We will present the work of the TRUST Lab in building new systems for hierarchical classification of entities in common applications of these systems and show how through the utilization of semantic and syntactic information we can attempt to unify and detect malicious and non-malicious violations of data integrity. We will discuss strategies for combatting these attacks, and methods for hardening data collection and predictive analytics against future attacks without resorting to methods that compromise the open and unrestricted sharing of scientific methods and government transparency. We will review our work with OpenCorporates in expanding information collection and coverage on corporate entities to build an open system for defending against common attacks on data integrity. Included in our talk will be a demonstration of our new tool, CERCIS, for entity resolution and data integrity preservation, and a discussion of both our future work and the broader unanswered questions in this new and exciting frontier of cyberoperations and security.

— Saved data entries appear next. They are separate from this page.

Unset Implicit Arguments.
Record GHom (F : fieldType) (C : PGCat F) (M N : GMod C) := {
  ghom :> forall (x : Obj C) (j : int), gcar M x j -> gcar N x j;
  ghom_lin : forall (x : Obj C) (j : int) (r : F) (v w : gcar M x j),
      ghom x j (r *: v + w) = r *: ghom x j v + ghom x j w;
  ghom_nat : forall (x y : Obj C) (a j j' : int) (e : j + a = j')
      (f : Hom C x y a) (v : gcar M x j),
      ghom y j' (gact e f v) = gact e f (ghom x j v)
}.

Arguments GHom {F C} M N.
Arguments ghom {F C M N} _ _ _ _.
Set Implicit Arguments.
Unset Implicit Arguments.
Record GComplex (F : fieldType) (C : PGCat F) := {
  cobj : int -> GMod C;
  cd : forall j : int, GHom (cobj j) (cobj (j + 1));
  cdd : forall j x n v, cd (j + 1) x n (cd j x n v) = 0
}.

Arguments GComplex {F} C.
Arguments cobj {F C} _ _.
Arguments cd {F C} _ _.
Arguments cdd {F C} _ _ _ _ _.
Set Implicit Arguments.
(* The module P(l)<k> : P(l)<k>(x)_j = C_{k+j}(l, x). *)
Lemma shift_eq (k j a j' : int) : j + a = j' -> k + j + a = k + j'.
Proof. by move=> <-; rewrite addrA. Qed.

Section Pk.
Variables (F : fieldType) (C : PGCat F) (l : Obj C) (k : int).

Definition Pk_car (x : Obj C) (j : int) : lmodType F := Hom C l x (k + j).

Definition Pk_act (x y : Obj C) (a j j' : int) (e : j + a = j')
  (f : Hom C x y a) (v : Pk_car x j) : Pk_car y j' := cmp (shift_eq k e) f v.

Lemma Pk_linv x y a j j' (e : j + a = j') (f : Hom C x y a) (r : F) v w :
  Pk_act e f (r *: v + w) = r *: Pk_act e f v + Pk_act e f w.
Proof. exact: cmp_linl. Qed.

Lemma Pk_linf x y a j j' (e : j + a = j') (f g : Hom C x y a) (r : F) v :
  Pk_act e (r *: f + g) v = r *: Pk_act e f v + Pk_act e g v.
Proof. exact: cmp_linr. Qed.

Lemma Pk_id x j (e : j + 0 = j) v : Pk_act e (cid C x) v = v.
Proof. exact: cmp_idl. Qed.

Lemma Pk_comp x y z a b ab j j1 j2
  (e1 : j + a = j1) (e2 : j1 + b = j2) (e3 : a + b = ab) (e4 : j + ab = j2)
  (f : Hom C x y a) (g : Hom C y z b) v :
  Pk_act e4 (cmp e3 g f) v = Pk_act e2 g (Pk_act e1 f v).
Proof. rewrite /Pk_act; symmetry; exact: cmp_assoc. Qed.

Definition Pk : GMod C :=
  @Build_GMod F C Pk_car Pk_act Pk_linv Pk_linf Pk_id Pk_comp.
End Pk.

(* M is the (internal) direct sum of the images of the maps
   inc s : P(lam s)<k s> -> M, s ranging over an arbitrary index type S. *)
Definition is_dsum (F : fieldType) (C : PGCat F) (M : GMod C) (S : Type)
  (lam : S -> Obj C) (k : S -> int) (inc : forall s, GHom (Pk (lam s) (k s)) M)
  : Prop :=
  (forall x n (v : gcar M x n), exists (l : seq S)
      (w : forall s, Hom C (lam s) x (k s + n)),
      v = \sum_(s <- l) inc s x n (w s)) /\
  (forall x n (l : seq S) (w : forall s, Hom C (lam s) x (k s + n)),
      Stdlib.Lists.List.NoDup l -> \sum_(s <- l) inc s x n (w s) = 0 ->
      forall s, Stdlib.Lists.List.In s l -> w s = 0).
(* Submodularity: adding j_{k+1} to the chain gains at most as much as adding
   it to the subset S :&: chain. *)
Lemma chain_gains_le {g} x (i0 : 'I_n) (S : {set 'I_n}) {K : nat} :
  submodular g -> (K <= n)%N ->
  g finset.set0 + \sum_(0 <= k < K) (nth i0 (lovasz_order x) k \in S)%:R *
      (g (lovasz_chain x k.+1) - g (lovasz_chain x k))
  <= g (S :&: lovasz_chain x K).
Proof.
move=> g_sub; elim: K => [|K IHK] Kn.
  by rewrite big_geq // addr0 lovasz_chain0 finset.setI0.
rewrite big_nat_recr //= (lovasz_chainS x i0 Kn).
set a := nth i0 (lovasz_order x) K; set C := lovasz_chain x K.
have {}IHK := IHK (ltnW Kn).
have [aS|aNS] := boolP (a \in S); last first.
  rewrite mul0r addr0; suff -> : S :&: (a |: C) = S :&: C by [].
  by apply/setP => j; rewrite !inE; case: eqVneq => // ->; rewrite (negbTE aNS).
have := g_sub (S :&: (a |: C)) C.
have -> : S :&: (a |: C) :&: C = S :&: C.
  by apply/setP => j; rewrite !inE; case: eqVneq => [->|_]; rewrite ?aS //= -andbA andbb.
have -> : S :&: (a |: C) :|: C = a |: C.
  apply/setP => j; rewrite !inE; case: eqVneq => [->|_]; rewrite ?aS //=.
  by case: (j \in S); rewrite /= ?orbb.
rewrite /= mul1r; lra.
Qed.

Lemma lovasz_le_mixture g x (p : {set 'I_n} -> R) : submodular g ->
  (forall S, 0 <= p S) -> \sum_S p S = 1 ->
  (forall i, x i = \sum_S p S * (i \in S)%:R) ->
  lovasz g x <= \sum_S p S * g S.
Proof.
move=> g_sub p_ge0 p_sum1 xE.
rewrite lovaszE (sum_by_parts _ (fun k => g (lovasz_chain x k))).
rewrite lovasz_level0 lovasz_level_gtn // mul1r mul0r subr0 lovasz_chain0.
case: (posnP n) => [n0|n_gt0].
  have all_set0 (S : {set 'I_n}) : S = finset.set0.
    by apply/setP => i; have := ltn_ord i; rewrite {2}n0.
  rewrite big1 => [|k _]; last by have := ltn_ord k; rewrite {2}n0.
  rewrite (eq_bigr (fun S => p S * g finset.set0)) => [|S _]; last by rewrite [S]all_set0.
  by rewrite -mulr_suml p_sum1 mul1r addr0.
pose i0 := Ordinal n_gt0.
have -> : \sum_(k < n) lovasz_level x k.+1 *
    (g (lovasz_chain x k.+1) - g (lovasz_chain x k)) =
  \sum_S p S * \sum_(0 <= k < n) (nth i0 (lovasz_order x) k \in S)%:R *
    (g (lovasz_chain x k.+1) - g (lovasz_chain x k)).
  under eq_bigr => k _ do rewrite (lovasz_levelS _ i0 (ltn_ord k)) xE mulr_suml.
  rewrite exchange_big /=; apply: eq_bigr => S _.
  by rewrite big_mkord mulr_sumr; apply: eq_bigr => k _; rewrite mulrA.
have -> : g finset.set0 = \sum_S p S * g finset.set0 by rewrite -mulr_suml p_sum1 mul1r.
rewrite -big_split /=.
apply: ler_sum => S _; rewrite -mulrDr ler_wpM2l //.
by have := chain_gains_le x i0 S g_sub (leqnn n); rewrite lovasz_chainT finset.setIT.
Qed.

End LovaszExtension.

Lemma sup_image_compact {R : realType} {m : nat} {Y : set 'rV[R]_m} {h : 'rV[R]_m -> R} :
  Y !=set0 -> compact Y -> continuous h ->
  exists2 c, Y c & sup [set h y | y in Y] = h c /\ forall y, Y y -> h y <= h c.
Proof.
move=> Y0 Y_compact h_cont.
have [c /set_mem Yc c_max] := EVT_max_rV Y0 Y_compact (continuous_subspaceT h_cont).
have {}c_max y : Y y -> h y <= h c by move=> Yy; exact/c_max/mem_set.
by exists c => //; split=> //; exact: sup_image_max.
Qed.

Section SubmodularMinimax.
Context {R : realType} {n m : nat}.
Variables (Y : set 'rV[R]_m) (f : {set 'I_n} -> 'rV[R]_m -> R).

Definition maxmin := sup [set inf [set f S y | S in [set: {set 'I_n}]] | y in Y].
Definition minmax := inf [set sup [set f S y | y in Y] | S in [set: {set 'I_n}]].
Definition relax (D : set ('I_n -> R)) :=
  inf [set sup [set lovasz2 f x y | y in Y] | x in D].

Definition min_over_sets y := \big[Order.min/f finset.set0 y]_S f S y.
Definition max_over_Y S := sup [set f S y | y in Y].

Hypotheses (Y0 : Y !=set0) (Y_convex : convex_subset Y) (Y_compact : compact Y).
Hypotheses (f_submod : forall y, submodular (fun S => f S y))
  (f_concave : forall S, concave_fun (f S)) (f_cont : forall S, continuous (f S)).

Lemma min_over_sets_le y S : min_over_sets y <= f S y.
Proof. exact: bigmin_le. Qed.

Lemma inf_over_setsE y : inf [set f S y | S in [set: {set 'I_n}]] = min_over_sets y.
Proof.
have [S0 S0_min] := bigmin_attained finset.set0 (f^~ y).
rewrite /min_over_sets S0_min; apply: inf_image_min => // S _.
by rewrite -S0_min; exact: bigmin_le.
Qed.

Lemma maxmin_attained : exists2 ys, Y ys &
  maxmin = min_over_sets ys /\ forall y, Y y -> min_over_sets y <= maxmin.
Proof.
have min_cont : continuous min_over_sets by exact: continuous_bigmin.
have [ys Yys [sup_eq ys_max]] := sup_image_compact Y0 Y_compact min_cont.
have maxmin_eq : maxmin = min_over_sets ys.
  by rewrite /maxmin (eq_imagel (fun y _ => inf_over_setsE y)).
by exists ys => //; rewrite maxmin_eq.
Qed.

Lemma f_le_max_over_Y S {y} : Y y -> f S y <= max_over_Y S.
Proof.
have [yS _ [sup_eq yS_max]] := sup_image_compact Y0 Y_compact (f_cont S).
by rewrite /max_over_Y sup_eq; exact: yS_max.
Qed.

Lemma minmax_attained : exists S0,
  minmax = max_over_Y S0 /\ forall S, minmax <= max_over_Y S.
Proof.
case: (arg_minP max_over_Y (isT : predT finset.set0)) => S0 _ S0_min.
have minmax_eq : minmax = max_over_Y S0.
  by apply: inf_image_min => // S _; exact: S0_min.
by exists S0; rewrite minmax_eq; split=> // S; exact: S0_min.
Qed.

Lemma maxmin_le_minmax : maxmin <= minmax.
Proof.
have [ys Yys [-> _]] := maxmin_attained; have [S0 [-> _]] := minmax_attained.
exact: le_trans (min_over_sets_le ys S0) (f_le_max_over_Y S0 Yys).
Qed.

Lemma minmax_le_relax_vert : minmax <= relax (@vert01 R n).
Proof.
apply: lb_le_inf.
  by exists (sup [set lovasz2 f (fun=> 0) y | y in Y]), (fun=> 0) => // i; left.
move=> _ [x x01 <-]; have [k lovasz_vertE] := lovasz_vert x01.
have [_ [_ minmax_le]] := minmax_attained.
by rewrite (eq_imagel (fun y _ => lovasz_vertE (f^~ y))); exact: minmax_le.
Qed.

Lemma lovasz2_le_bigmax x y : cube01 x -> Y y ->
  lovasz2 f x y <= \big[Order.max/0]_S max_over_Y S.
Proof.
move=> x01 Yy; apply: lovasz_le => // S.
exact: le_trans (f_le_max_over_Y S Yy) (le_bigmax _ _ _).
Qed.

Lemma maxmin_le_sup_lovasz2 x : cube01 x -> maxmin <= sup [set lovasz2 f x y | y in Y].
Proof.
move=> x01; have [ys Yys [-> _]] := maxmin_attained.
apply: le_trans (_ : lovasz2 f x ys <= _).
  by apply: le_lovasz => // S; exact: min_over_sets_le.
apply: ub_le_sup; last by exists ys.
by exists (\big[Order.max/0]_S max_over_Y S) => _ [y Yy <-]; exact: lovasz2_le_bigmax.
Qed.

(* For c above the max-min value, the mean indicator vector of a mixed strategy
   beating c is a point of the cube where the Lovasz extension stays below c. *)
Lemma relax_cube_le_maxmin : relax (@cube01 R n) <= maxmin.
Proof.
apply/ler_addgt0Pr => e e_gt0; set c := maxmin + e.
have [_ _ [_ le_maxmin]] := maxmin_attained.
have beaten y : Y y -> exists S, f S y < c.
  move=> Yy; have [S S_min] := bigmin_attained finset.set0 (f^~ y).
  by exists S; rewrite -S_min (le_lt_trans (le_maxmin _ Yy)) // ltrDl.
have [p [p_ge0 p_sum1 p_le]] :=
  mixed_strategy_le _ _ c Y0 Y_convex Y_compact f_concave f_cont beaten.
pose x i := \sum_S p S * (i \in S)%:R.
have x01 : cube01 x.
  move=> i; rewrite sumr_ge0 => [|S _]; last by rewrite mulr_ge0.
  by rewrite -p_sum1 ler_sum // => S _; case: (i \in S); rewrite ?mulr1 ?mulr0.
apply: (@le_trans _ _ (sup [set lovasz2 f x y | y in Y])).
  apply: ge_inf; last by exists x.
  by exists maxmin => _ [x' x'01 <-]; exact: maxmin_le_sup_lovasz2.
apply: ge_sup; first by case: Y0 => y Yy; exists (lovasz2 f x y), y.
move=> _ [y Yy <-]; apply: le_trans (p_le y Yy).
exact: lovasz_le_mixture.
Qed.

Lemma saddle_point_of_maxmin_eq : maxmin = minmax -> exists S0 y0, saddle_point f Y S0 y0.
Proof.
have [ys Yys [maxmin_eq _]] := maxmin_attained.
have [S0 [minmax_eq _]] := minmax_attained.
rewrite maxmin_eq minmax_eq => values_eq.
exists S0, ys; split=> //; split=> [y Yy|S].
- by apply: le_trans (f_le_max_over_Y S0 Yy) _; rewrite -values_eq min_over_sets_le.
- by apply: le_trans (f_le_max_over_Y S0 Yys) _; rewrite -values_eq min_over_sets_le.
Qed.

End SubmodularMinimax.

Theorem proposition1 (R : realType) (n m : nat)
  (Y : set 'rV[R]_m) (f : {set 'I_n} -> 'rV[R]_m -> R) :
  Y !=set0 -> convex_subset Y -> compact Y ->
  (forall y, submodular (fun S => f S y)) ->
  (forall S, concave_fun (f S)) ->
  (forall S, continuous (f S)) ->
  let maxmin := sup [set inf [set f S y | S in [set: {set 'I_n}]] | y in Y] in
  let minmax := inf [set sup [set f S y | y in Y] | S in [set: {set 'I_n}]] in
  let relax := fun D : set ('I_n -> R) =>
    inf [set sup [set lovasz2 f x y | y in Y] | x in D] in
  maxmin <= minmax /\
  (relax (@cube01 R n) = relax (@vert01 R n) ->
     maxmin = minmax /\ minmax = relax (@cube01 R n) /\
     exists S0 y0, saddle_point f Y S0 y0).
Proof.
move=> Y0 Y_convex Y_compact f_submod f_concave f_cont.
rewrite -/(maxmin Y f) -/(minmax Y f) -/(relax Y f).
have weak := maxmin_le_minmax Y f Y0 Y_compact f_cont.
split=> // relax_eq.
have relax_le := relax_cube_le_maxmin Y f Y0 Y_convex Y_compact f_submod f_concave f_cont.
have le_relax := minmax_le_relax_vert Y f.
have values_eq : maxmin Y f = minmax Y f.
  by apply/le_anti; rewrite weak /= (le_trans le_relax) // -relax_eq.
split=> //; split; last exact: saddle_point_of_maxmin_eq Y0 Y_compact f_cont values_eq.
by apply/le_anti; rewrite {1}relax_eq le_relax /= -values_eq.
Qed.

Dr. Eric Rozier is an Assistant Professor of Electrical Engineering and Computing Systems and head of the Trustworthy Data Engineering Laboratory at the University of Cincinnati in Cincinnati, Ohio. Dr. Rozier has been a long time member of the IEEE, ACM, a member of the AIAA Intelligent Systems Technical Committee, and has been named a Frontier's of Engineering Education Faculty member by the National Academy of Engineering, a two time Eric and Wendy Schmidt Data Science for Social Good Faculty Fellow at the University of Chicago, and an IBM Research Fellow. Dr. Rozier's research interests include secure and dependable computing with a focus on critical infrastructures. Before joining the University of Cincinnati, Dr. Rozier was the founding director of the Fortinet Cybersecurity Laboratory at the University of Miami where he worked to develop and commercialize new technologies in homomorphic encryption for cloud-based systems. He earned his Ph.D. from the University of Illinois at Urbana-Champaign where he worked on applications in fault-tolerance and security with the National Center for Supercomputing Applications, and the Information Trust Institute.

Time and Place

Thursday, January 28, 4:15pm
Gates 498